→ **Exercise directions**:
When a line below contains the string "Section", show that line.
*** Opening of Material for the task ***
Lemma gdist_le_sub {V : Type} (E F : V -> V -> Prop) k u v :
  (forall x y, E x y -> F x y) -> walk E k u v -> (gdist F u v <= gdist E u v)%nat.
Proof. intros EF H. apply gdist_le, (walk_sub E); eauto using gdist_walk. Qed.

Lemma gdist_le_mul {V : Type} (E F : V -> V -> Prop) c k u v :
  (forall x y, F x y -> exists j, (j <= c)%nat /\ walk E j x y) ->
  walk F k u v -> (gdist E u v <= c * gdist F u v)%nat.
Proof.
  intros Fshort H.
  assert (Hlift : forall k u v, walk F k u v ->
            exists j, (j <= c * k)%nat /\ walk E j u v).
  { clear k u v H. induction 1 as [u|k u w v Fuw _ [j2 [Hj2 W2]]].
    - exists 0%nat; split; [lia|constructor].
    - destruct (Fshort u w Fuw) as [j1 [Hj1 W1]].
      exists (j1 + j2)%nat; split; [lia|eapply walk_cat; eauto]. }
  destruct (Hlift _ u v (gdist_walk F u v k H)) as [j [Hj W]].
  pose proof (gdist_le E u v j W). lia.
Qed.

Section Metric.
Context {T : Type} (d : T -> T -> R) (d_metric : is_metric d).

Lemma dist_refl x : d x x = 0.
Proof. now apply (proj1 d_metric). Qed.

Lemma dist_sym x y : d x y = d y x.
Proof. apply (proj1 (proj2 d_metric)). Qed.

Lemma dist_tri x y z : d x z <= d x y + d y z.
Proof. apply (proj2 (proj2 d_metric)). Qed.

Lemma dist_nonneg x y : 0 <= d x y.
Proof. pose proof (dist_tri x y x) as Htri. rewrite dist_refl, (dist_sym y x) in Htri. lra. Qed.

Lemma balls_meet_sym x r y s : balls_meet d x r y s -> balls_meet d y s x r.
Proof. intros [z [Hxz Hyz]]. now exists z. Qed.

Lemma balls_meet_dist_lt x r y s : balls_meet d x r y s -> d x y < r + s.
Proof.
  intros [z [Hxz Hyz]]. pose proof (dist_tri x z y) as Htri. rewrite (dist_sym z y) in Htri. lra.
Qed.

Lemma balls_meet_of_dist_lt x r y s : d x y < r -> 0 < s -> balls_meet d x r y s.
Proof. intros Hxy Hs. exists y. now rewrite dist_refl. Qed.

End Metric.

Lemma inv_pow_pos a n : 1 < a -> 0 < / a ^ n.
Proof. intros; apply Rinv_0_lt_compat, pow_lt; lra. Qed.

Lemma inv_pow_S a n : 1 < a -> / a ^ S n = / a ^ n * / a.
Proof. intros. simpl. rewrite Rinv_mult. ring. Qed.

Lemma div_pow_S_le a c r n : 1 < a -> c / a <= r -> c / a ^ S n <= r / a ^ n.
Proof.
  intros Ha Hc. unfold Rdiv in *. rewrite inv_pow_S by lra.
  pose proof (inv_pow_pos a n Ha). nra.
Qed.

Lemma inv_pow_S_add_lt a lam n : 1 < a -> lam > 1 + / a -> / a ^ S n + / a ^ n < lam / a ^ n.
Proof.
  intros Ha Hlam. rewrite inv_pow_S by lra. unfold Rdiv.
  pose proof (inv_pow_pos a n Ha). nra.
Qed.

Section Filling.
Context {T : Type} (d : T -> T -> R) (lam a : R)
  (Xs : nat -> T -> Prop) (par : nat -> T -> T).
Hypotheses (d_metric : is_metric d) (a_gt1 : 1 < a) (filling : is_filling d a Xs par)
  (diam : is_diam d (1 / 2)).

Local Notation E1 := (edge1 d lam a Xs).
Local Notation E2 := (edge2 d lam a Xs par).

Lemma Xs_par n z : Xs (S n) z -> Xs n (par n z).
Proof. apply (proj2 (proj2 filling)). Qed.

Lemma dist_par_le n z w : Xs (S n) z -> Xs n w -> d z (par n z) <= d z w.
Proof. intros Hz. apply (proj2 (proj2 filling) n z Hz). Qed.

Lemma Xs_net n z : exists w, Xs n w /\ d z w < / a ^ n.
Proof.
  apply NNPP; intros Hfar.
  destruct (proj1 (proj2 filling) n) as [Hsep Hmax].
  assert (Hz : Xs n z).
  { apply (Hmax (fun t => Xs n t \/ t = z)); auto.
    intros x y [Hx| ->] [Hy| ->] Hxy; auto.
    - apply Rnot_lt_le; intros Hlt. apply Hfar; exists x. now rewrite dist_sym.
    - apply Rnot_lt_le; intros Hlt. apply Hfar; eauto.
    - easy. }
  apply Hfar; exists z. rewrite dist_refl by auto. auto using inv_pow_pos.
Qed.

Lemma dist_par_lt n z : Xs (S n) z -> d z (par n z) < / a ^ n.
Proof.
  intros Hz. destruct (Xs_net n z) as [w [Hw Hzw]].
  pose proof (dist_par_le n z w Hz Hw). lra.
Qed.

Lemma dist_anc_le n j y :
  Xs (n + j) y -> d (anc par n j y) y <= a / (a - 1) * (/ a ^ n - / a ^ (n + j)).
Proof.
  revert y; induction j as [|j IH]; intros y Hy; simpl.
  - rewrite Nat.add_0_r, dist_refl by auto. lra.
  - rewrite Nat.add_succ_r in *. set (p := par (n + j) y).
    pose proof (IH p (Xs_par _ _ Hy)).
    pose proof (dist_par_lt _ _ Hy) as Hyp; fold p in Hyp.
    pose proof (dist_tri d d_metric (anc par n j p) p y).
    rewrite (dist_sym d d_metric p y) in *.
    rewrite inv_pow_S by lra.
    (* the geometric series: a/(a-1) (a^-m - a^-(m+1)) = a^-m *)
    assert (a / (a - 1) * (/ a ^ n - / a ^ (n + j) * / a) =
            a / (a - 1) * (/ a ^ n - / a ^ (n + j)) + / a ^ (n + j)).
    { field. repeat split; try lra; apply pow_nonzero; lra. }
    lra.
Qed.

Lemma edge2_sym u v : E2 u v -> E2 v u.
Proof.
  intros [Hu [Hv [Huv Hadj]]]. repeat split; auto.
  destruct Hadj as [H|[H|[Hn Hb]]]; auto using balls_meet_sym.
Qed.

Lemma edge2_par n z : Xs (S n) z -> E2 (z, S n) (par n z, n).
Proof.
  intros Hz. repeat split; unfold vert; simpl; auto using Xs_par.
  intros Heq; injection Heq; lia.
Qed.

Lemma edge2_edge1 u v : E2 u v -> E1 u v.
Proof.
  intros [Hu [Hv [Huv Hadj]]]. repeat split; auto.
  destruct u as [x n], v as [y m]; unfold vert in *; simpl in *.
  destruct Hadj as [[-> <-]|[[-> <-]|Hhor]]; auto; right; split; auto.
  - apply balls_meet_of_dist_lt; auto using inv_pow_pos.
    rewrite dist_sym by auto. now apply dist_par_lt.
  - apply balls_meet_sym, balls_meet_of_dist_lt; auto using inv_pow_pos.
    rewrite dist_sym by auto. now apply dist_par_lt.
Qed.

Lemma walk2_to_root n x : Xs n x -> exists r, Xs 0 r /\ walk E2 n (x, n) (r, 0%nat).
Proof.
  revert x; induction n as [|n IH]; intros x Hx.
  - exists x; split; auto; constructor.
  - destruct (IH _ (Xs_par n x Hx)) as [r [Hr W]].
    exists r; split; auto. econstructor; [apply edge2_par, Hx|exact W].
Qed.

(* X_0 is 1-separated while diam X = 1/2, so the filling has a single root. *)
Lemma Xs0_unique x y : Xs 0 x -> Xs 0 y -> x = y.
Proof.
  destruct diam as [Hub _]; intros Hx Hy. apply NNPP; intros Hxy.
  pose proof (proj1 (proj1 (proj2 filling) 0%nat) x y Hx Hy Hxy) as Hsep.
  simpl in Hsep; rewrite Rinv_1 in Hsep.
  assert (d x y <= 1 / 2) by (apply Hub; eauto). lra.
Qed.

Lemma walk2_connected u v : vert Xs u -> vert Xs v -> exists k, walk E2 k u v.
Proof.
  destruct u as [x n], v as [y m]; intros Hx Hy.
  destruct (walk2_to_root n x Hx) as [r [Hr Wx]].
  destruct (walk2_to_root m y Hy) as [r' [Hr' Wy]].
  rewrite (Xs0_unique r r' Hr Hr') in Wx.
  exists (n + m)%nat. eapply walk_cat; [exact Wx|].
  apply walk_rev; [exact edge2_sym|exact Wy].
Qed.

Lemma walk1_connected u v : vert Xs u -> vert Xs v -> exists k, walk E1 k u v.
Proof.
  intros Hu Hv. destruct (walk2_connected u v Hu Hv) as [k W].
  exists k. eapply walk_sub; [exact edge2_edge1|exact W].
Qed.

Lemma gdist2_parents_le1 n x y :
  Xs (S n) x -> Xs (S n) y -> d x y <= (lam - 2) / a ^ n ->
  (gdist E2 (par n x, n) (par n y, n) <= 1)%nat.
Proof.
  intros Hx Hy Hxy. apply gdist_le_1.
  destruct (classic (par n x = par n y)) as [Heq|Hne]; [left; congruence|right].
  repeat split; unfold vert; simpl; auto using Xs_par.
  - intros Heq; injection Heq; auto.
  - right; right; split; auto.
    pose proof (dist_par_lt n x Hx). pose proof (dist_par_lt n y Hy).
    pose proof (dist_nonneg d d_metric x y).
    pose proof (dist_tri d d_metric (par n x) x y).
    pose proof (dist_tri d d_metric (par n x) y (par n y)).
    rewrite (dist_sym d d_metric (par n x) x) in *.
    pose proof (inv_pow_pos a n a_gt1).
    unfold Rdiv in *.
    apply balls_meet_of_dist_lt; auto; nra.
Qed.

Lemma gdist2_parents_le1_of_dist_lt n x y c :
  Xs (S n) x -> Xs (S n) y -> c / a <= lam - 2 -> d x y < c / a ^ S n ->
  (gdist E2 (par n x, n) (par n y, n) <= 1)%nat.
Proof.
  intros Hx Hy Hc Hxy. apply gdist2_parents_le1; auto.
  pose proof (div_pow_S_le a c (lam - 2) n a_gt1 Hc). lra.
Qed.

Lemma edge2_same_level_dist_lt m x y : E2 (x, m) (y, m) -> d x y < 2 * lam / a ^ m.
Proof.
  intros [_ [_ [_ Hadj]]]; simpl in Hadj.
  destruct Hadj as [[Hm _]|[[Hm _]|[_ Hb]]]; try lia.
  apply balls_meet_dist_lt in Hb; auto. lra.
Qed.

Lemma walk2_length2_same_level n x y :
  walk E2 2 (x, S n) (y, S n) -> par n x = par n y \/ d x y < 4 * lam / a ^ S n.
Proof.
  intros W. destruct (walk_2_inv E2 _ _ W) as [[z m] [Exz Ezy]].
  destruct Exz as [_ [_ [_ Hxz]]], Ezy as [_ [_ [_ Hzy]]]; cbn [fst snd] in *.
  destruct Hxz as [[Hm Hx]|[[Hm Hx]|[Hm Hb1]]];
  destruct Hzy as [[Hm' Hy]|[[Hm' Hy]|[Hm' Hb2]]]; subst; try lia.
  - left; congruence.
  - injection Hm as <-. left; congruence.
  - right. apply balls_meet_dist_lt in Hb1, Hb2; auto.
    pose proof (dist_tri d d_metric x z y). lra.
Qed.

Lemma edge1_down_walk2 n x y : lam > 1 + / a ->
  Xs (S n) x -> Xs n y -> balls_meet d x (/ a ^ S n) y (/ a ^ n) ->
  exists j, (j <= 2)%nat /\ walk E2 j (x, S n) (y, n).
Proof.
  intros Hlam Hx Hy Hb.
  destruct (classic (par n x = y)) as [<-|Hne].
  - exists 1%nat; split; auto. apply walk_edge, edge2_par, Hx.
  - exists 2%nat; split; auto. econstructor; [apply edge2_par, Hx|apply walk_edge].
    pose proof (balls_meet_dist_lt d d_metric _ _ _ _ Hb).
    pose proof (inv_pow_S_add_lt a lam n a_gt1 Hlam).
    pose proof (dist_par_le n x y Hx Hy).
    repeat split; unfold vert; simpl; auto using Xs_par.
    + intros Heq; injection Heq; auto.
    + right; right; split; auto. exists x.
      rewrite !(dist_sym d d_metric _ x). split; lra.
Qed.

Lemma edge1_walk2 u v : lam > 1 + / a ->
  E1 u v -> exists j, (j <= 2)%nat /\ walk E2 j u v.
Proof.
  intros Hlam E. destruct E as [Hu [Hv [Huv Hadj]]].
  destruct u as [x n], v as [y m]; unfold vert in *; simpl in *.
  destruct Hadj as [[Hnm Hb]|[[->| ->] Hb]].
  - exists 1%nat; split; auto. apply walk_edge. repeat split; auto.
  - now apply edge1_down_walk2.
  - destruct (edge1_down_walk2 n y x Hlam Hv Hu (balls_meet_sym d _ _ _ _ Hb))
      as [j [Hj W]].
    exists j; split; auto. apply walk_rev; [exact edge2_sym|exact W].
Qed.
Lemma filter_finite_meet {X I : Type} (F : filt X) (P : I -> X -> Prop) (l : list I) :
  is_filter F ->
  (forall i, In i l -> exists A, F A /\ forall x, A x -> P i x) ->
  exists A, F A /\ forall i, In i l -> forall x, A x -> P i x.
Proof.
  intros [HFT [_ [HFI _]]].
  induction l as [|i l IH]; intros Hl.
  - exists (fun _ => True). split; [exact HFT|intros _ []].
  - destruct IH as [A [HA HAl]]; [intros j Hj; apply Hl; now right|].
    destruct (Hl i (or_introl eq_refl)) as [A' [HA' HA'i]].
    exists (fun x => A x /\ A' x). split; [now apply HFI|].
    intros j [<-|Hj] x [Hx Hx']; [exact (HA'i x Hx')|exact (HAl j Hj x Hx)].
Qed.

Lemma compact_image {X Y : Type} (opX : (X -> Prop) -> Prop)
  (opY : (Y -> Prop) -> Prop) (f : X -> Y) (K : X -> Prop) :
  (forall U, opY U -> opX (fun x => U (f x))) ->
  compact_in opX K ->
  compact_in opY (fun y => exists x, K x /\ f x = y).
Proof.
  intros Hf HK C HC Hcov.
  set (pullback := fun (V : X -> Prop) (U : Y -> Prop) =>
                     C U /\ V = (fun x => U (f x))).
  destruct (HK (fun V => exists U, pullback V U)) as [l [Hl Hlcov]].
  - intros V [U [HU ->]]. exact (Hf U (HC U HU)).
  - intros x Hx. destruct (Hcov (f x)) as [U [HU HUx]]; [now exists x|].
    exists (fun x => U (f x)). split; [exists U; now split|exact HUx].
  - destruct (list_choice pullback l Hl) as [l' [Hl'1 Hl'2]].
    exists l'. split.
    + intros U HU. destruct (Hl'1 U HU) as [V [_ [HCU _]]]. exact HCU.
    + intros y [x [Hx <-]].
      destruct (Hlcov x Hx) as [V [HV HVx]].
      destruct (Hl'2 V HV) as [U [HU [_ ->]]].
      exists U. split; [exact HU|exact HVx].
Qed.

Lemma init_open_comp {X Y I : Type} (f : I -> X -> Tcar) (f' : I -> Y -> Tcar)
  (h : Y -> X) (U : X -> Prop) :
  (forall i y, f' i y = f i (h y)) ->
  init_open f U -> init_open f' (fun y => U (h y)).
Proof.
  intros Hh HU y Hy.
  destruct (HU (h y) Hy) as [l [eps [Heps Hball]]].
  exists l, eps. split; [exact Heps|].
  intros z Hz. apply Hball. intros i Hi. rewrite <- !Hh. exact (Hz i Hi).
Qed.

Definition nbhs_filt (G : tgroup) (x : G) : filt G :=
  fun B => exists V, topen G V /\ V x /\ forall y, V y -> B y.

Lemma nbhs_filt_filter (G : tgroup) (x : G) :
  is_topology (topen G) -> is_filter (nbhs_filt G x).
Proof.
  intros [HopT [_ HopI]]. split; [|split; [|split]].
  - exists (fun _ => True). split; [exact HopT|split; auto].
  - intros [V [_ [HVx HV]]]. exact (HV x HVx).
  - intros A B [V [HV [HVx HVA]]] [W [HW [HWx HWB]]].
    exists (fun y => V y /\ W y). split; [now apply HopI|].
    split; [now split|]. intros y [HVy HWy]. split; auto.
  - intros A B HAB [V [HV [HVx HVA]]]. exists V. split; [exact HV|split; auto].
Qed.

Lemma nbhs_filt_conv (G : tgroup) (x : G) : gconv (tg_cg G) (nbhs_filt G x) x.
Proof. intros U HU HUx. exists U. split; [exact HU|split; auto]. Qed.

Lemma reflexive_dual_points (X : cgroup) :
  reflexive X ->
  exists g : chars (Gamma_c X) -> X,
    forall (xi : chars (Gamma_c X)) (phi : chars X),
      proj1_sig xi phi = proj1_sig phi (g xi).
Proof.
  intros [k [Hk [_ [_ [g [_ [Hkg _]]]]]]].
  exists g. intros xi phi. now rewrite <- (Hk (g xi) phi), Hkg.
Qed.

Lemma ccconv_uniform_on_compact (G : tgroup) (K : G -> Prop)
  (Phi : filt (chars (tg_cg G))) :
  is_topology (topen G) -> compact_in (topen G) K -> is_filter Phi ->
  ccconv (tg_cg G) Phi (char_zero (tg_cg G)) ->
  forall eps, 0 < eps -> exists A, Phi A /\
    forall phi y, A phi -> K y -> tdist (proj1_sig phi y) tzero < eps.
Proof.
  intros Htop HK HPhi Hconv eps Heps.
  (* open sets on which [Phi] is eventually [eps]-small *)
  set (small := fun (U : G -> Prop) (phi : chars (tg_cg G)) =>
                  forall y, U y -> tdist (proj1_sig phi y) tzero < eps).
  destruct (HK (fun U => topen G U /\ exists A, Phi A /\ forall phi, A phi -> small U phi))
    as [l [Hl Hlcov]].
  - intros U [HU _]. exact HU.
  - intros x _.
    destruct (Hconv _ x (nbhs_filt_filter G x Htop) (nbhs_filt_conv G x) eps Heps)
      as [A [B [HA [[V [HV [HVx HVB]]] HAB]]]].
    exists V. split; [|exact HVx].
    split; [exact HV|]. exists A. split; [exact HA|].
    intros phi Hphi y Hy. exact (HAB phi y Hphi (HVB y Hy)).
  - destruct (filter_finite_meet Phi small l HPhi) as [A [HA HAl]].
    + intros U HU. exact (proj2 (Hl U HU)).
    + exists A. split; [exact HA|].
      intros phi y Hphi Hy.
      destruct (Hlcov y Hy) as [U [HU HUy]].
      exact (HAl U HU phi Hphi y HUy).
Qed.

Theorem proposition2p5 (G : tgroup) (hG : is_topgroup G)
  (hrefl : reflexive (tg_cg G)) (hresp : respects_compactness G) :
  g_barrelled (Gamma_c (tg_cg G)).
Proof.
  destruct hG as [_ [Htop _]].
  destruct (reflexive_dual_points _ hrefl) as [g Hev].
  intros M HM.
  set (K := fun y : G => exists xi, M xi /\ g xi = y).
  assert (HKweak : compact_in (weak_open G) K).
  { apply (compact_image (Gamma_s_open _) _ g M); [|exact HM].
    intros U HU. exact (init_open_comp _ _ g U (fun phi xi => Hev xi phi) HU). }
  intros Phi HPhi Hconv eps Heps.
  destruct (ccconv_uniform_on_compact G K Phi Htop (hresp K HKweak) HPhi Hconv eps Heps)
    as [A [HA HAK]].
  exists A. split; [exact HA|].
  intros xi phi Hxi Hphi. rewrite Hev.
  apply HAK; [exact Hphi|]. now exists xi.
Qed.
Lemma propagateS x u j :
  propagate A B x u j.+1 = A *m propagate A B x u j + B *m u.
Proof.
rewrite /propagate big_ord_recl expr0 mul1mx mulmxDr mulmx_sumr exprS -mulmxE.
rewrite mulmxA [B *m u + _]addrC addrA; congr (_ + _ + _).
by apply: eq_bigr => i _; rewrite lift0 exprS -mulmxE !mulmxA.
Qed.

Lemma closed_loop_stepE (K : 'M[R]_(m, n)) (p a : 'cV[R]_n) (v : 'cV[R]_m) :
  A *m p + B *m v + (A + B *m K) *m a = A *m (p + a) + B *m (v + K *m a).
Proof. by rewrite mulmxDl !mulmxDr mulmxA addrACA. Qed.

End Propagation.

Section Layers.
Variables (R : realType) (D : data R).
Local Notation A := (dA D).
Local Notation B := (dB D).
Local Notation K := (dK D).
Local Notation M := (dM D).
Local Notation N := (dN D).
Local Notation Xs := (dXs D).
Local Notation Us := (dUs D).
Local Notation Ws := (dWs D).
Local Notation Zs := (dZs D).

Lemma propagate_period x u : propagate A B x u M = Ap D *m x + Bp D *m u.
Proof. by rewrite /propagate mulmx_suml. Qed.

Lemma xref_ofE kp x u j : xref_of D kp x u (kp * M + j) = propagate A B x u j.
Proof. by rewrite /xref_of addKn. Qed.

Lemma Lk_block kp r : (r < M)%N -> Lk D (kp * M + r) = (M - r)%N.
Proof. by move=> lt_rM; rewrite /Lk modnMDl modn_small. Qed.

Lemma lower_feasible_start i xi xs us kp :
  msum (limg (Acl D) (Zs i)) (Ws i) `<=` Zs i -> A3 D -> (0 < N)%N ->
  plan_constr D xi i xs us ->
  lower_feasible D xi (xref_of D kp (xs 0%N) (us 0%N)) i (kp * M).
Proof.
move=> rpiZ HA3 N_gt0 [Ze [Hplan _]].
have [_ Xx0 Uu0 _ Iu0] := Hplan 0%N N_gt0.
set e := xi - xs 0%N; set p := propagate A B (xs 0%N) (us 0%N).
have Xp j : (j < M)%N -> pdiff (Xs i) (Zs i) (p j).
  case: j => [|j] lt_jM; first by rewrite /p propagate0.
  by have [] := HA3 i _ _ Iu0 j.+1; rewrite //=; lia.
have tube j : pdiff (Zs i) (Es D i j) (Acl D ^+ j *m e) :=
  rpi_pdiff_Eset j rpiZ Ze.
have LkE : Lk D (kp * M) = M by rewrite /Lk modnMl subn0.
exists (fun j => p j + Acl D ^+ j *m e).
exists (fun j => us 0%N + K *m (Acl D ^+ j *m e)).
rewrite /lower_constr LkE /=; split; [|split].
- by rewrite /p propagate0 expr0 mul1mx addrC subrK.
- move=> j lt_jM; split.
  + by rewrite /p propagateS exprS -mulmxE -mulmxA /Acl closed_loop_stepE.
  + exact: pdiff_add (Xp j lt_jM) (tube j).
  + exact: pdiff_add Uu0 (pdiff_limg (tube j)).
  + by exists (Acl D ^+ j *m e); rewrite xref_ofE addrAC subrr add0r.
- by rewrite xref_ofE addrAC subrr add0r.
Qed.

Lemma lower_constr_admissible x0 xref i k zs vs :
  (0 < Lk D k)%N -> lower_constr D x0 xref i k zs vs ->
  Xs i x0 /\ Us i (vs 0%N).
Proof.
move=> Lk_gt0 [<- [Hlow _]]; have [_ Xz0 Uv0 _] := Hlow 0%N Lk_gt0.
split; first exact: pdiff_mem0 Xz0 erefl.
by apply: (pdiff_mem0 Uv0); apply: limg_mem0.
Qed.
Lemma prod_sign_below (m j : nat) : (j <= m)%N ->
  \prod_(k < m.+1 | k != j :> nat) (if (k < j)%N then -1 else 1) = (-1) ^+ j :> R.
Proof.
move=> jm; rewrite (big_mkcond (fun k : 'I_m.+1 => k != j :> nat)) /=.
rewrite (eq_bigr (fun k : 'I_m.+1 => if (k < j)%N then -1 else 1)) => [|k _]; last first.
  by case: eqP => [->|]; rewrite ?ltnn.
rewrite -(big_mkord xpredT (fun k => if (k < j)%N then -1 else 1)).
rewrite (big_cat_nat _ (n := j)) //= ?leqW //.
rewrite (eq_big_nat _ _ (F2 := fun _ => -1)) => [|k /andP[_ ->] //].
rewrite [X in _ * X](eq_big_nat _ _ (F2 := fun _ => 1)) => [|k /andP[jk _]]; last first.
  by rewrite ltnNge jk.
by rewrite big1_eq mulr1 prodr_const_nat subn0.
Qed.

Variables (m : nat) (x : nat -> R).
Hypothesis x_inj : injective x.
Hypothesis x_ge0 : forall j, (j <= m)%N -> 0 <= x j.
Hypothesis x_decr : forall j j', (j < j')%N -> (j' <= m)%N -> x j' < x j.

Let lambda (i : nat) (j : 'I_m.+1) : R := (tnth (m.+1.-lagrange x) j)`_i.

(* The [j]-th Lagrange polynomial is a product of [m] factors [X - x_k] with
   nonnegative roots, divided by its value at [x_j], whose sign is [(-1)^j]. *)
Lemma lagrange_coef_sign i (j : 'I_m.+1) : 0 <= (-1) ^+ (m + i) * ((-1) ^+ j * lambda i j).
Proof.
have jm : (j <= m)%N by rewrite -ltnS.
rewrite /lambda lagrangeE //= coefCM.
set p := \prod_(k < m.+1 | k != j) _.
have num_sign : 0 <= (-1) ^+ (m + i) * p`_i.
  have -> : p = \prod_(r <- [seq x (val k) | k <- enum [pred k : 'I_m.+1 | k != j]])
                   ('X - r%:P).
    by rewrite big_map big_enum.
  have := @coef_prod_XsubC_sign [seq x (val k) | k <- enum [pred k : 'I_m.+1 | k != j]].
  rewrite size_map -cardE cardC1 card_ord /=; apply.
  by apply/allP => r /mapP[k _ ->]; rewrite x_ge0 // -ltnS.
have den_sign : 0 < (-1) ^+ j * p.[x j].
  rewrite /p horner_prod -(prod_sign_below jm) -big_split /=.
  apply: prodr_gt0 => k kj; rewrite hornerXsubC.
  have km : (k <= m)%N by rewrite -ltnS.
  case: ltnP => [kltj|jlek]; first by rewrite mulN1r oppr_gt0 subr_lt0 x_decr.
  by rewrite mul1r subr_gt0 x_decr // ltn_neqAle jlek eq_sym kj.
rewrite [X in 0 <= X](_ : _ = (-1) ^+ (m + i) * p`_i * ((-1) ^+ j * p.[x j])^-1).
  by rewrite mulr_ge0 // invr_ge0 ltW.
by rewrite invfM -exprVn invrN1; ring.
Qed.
*** Close of Material for the task ***
→ **The answer**:
Section Metric.
Section Filling.
Section Layers.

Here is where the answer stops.